+++ INPUT DATA +++

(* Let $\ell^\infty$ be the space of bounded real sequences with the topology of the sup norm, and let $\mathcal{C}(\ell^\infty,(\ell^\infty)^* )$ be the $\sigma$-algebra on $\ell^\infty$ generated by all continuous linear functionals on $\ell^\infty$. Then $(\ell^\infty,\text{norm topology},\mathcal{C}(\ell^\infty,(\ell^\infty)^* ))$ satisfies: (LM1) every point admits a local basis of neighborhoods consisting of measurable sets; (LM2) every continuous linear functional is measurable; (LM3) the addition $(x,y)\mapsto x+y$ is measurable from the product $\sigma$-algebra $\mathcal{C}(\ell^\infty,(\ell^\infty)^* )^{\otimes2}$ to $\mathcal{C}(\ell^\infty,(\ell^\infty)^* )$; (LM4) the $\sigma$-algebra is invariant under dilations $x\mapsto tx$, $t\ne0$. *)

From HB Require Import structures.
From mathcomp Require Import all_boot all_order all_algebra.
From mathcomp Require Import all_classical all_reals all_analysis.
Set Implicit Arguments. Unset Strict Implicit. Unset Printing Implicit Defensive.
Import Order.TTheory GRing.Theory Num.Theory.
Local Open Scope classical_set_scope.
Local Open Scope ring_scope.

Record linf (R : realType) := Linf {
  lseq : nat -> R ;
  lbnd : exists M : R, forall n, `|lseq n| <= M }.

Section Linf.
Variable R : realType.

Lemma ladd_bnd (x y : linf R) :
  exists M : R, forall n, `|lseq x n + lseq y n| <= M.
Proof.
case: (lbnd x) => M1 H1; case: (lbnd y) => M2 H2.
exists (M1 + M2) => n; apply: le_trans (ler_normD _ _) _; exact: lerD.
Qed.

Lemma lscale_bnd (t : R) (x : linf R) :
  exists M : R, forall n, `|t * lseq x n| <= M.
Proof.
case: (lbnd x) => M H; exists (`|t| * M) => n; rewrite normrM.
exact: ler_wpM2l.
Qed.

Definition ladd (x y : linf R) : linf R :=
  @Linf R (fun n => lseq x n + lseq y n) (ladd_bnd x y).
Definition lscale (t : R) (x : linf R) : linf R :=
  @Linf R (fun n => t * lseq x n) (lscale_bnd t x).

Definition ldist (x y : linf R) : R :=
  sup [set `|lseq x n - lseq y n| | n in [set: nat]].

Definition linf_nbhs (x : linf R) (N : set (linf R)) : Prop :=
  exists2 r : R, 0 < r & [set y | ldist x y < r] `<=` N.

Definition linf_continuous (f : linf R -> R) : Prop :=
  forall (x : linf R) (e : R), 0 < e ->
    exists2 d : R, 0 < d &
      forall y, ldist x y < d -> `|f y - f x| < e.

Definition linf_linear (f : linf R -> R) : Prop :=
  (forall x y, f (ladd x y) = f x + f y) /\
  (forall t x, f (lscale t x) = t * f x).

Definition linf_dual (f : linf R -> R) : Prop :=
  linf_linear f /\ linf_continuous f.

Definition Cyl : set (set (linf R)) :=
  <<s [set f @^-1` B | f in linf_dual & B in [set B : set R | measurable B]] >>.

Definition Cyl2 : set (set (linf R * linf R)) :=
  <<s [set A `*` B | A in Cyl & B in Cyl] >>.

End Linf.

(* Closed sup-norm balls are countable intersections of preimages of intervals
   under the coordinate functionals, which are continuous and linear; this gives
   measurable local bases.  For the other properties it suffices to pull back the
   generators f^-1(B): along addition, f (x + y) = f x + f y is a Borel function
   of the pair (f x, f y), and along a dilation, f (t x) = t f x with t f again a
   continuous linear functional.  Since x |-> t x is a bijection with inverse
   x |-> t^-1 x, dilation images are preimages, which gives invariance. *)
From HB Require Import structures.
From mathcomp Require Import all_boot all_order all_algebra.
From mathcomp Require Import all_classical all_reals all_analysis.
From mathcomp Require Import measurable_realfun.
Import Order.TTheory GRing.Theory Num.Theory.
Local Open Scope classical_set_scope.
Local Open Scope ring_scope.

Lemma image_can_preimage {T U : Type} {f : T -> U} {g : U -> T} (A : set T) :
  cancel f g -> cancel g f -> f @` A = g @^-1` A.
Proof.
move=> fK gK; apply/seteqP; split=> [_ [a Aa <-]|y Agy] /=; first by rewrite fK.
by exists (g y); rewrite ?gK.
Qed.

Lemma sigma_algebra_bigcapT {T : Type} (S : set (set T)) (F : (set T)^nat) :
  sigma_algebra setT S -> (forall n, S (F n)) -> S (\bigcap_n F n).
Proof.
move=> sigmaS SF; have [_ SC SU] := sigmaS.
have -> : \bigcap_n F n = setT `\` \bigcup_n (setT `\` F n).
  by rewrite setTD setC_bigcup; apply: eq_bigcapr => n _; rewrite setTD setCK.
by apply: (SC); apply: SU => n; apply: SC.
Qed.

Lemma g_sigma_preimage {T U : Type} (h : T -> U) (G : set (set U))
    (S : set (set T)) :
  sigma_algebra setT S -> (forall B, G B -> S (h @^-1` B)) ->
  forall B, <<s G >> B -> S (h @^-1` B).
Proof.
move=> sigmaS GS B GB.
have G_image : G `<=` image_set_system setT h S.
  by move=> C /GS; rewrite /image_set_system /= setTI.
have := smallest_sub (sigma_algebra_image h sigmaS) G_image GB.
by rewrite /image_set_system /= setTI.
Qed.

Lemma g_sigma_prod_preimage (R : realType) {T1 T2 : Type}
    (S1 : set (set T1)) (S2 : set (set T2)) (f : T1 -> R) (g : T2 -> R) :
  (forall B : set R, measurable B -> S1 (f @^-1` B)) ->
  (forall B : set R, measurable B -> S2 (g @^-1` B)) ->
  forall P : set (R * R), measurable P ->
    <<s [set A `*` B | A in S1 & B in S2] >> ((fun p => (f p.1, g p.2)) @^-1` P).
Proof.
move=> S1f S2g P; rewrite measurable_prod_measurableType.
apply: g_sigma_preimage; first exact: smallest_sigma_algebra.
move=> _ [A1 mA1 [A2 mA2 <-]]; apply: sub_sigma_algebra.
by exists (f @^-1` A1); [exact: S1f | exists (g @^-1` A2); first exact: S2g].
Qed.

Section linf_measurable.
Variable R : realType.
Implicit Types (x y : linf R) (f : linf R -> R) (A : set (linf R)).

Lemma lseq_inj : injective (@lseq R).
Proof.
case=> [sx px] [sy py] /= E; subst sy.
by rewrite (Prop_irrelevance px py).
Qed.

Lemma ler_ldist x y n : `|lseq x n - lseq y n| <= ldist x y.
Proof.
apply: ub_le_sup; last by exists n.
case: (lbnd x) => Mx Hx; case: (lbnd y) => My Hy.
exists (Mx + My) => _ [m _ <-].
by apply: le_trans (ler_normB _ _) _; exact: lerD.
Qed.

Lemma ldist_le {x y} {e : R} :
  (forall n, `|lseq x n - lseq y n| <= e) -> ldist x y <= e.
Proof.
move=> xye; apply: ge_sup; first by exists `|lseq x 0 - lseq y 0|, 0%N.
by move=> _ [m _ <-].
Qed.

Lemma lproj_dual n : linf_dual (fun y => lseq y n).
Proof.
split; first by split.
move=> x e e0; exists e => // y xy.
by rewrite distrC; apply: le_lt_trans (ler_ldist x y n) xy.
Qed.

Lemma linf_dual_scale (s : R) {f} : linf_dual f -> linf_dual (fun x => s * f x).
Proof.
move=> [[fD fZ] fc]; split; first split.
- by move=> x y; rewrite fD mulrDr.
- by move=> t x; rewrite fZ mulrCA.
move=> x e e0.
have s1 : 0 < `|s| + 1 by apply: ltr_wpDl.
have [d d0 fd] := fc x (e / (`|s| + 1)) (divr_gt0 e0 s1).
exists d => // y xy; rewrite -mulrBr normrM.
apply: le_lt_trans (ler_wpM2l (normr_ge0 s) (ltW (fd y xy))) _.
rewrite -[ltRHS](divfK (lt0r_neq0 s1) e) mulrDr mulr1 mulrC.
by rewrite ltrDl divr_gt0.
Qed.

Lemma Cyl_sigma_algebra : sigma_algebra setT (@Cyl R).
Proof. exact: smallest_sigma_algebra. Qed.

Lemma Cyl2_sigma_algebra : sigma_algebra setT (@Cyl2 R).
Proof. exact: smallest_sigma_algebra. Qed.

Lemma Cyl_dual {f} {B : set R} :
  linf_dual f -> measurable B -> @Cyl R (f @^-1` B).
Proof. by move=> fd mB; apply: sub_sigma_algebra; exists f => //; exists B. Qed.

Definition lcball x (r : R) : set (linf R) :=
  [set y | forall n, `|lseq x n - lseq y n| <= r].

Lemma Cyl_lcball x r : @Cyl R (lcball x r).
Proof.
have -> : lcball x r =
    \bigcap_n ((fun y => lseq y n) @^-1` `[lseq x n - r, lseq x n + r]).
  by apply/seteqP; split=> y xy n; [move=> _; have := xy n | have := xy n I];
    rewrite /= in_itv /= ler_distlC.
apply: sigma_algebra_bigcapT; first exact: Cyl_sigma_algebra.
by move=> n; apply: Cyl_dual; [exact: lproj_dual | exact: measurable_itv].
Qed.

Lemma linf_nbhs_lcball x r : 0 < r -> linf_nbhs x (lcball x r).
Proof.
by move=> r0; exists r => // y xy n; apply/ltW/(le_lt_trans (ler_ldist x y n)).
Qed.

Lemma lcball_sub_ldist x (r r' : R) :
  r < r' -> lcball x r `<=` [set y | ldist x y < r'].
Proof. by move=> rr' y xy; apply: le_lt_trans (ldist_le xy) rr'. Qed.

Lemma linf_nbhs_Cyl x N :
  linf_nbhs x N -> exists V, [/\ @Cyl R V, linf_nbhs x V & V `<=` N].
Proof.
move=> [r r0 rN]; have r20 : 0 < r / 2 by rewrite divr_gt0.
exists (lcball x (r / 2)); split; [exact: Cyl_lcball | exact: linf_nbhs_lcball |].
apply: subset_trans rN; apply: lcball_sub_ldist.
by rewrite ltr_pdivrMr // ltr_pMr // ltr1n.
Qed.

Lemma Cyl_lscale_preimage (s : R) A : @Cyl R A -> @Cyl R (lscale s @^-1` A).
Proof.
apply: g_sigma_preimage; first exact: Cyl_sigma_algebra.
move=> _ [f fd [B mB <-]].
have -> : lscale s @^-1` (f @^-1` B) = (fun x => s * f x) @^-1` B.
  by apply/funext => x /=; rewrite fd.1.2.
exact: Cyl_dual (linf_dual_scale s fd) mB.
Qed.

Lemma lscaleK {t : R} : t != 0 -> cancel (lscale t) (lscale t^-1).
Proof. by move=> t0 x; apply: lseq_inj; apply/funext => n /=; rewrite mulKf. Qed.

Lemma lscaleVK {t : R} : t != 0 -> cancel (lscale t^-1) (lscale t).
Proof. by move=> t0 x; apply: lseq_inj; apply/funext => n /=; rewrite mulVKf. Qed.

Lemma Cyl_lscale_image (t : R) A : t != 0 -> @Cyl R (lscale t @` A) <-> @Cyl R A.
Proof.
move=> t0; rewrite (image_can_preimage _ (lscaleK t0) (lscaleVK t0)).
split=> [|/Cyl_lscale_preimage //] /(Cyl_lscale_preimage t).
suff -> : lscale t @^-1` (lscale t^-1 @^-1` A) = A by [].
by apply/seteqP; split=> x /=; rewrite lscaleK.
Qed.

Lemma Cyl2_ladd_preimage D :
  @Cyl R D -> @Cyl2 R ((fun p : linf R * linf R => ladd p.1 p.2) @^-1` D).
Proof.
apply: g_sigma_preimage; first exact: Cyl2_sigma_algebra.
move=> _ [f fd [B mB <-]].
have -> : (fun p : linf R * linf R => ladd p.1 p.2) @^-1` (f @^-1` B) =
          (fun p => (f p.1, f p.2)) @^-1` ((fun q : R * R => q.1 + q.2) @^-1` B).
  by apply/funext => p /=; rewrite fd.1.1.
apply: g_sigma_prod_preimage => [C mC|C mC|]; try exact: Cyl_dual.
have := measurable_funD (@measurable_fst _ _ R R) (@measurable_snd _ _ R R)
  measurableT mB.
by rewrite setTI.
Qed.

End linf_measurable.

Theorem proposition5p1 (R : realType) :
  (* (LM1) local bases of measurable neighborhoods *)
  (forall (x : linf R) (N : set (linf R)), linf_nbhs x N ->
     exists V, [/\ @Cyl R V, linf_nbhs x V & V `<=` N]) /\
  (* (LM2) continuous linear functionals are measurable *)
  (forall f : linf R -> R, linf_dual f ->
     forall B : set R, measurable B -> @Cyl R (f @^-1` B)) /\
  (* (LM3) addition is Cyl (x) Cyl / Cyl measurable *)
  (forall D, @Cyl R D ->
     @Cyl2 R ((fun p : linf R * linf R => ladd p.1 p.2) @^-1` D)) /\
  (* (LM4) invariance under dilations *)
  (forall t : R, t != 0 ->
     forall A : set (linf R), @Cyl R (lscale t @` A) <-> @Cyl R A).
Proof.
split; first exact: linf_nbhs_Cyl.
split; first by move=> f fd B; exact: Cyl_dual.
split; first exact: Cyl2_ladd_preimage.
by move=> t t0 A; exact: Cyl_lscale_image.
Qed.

+++

**WHAT YOU NEED TO DO:** In the data above, find the line that contains "move=> sigmaS GS B GB." and the line that contains "forall P : set (R * R), measurable P ->". Repeat exactly those lines and every line between them, and only those.

**RESPONSE:**
move=> sigmaS GS B GB.
have G_image : G `<=` image_set_system setT h S.
  by move=> C /GS; rewrite /image_set_system /= setTI.
have := smallest_sub (sigma_algebra_image h sigmaS) G_image GB.
by rewrite /image_set_system /= setTI.
Qed.

Lemma g_sigma_prod_preimage (R : realType) {T1 T2 : Type}
    (S1 : set (set T1)) (S2 : set (set T2)) (f : T1 -> R) (g : T2 -> R) :
  (forall B : set R, measurable B -> S1 (f @^-1` B)) ->
  (forall B : set R, measurable B -> S2 (g @^-1` B)) ->
  forall P : set (R * R), measurable P ->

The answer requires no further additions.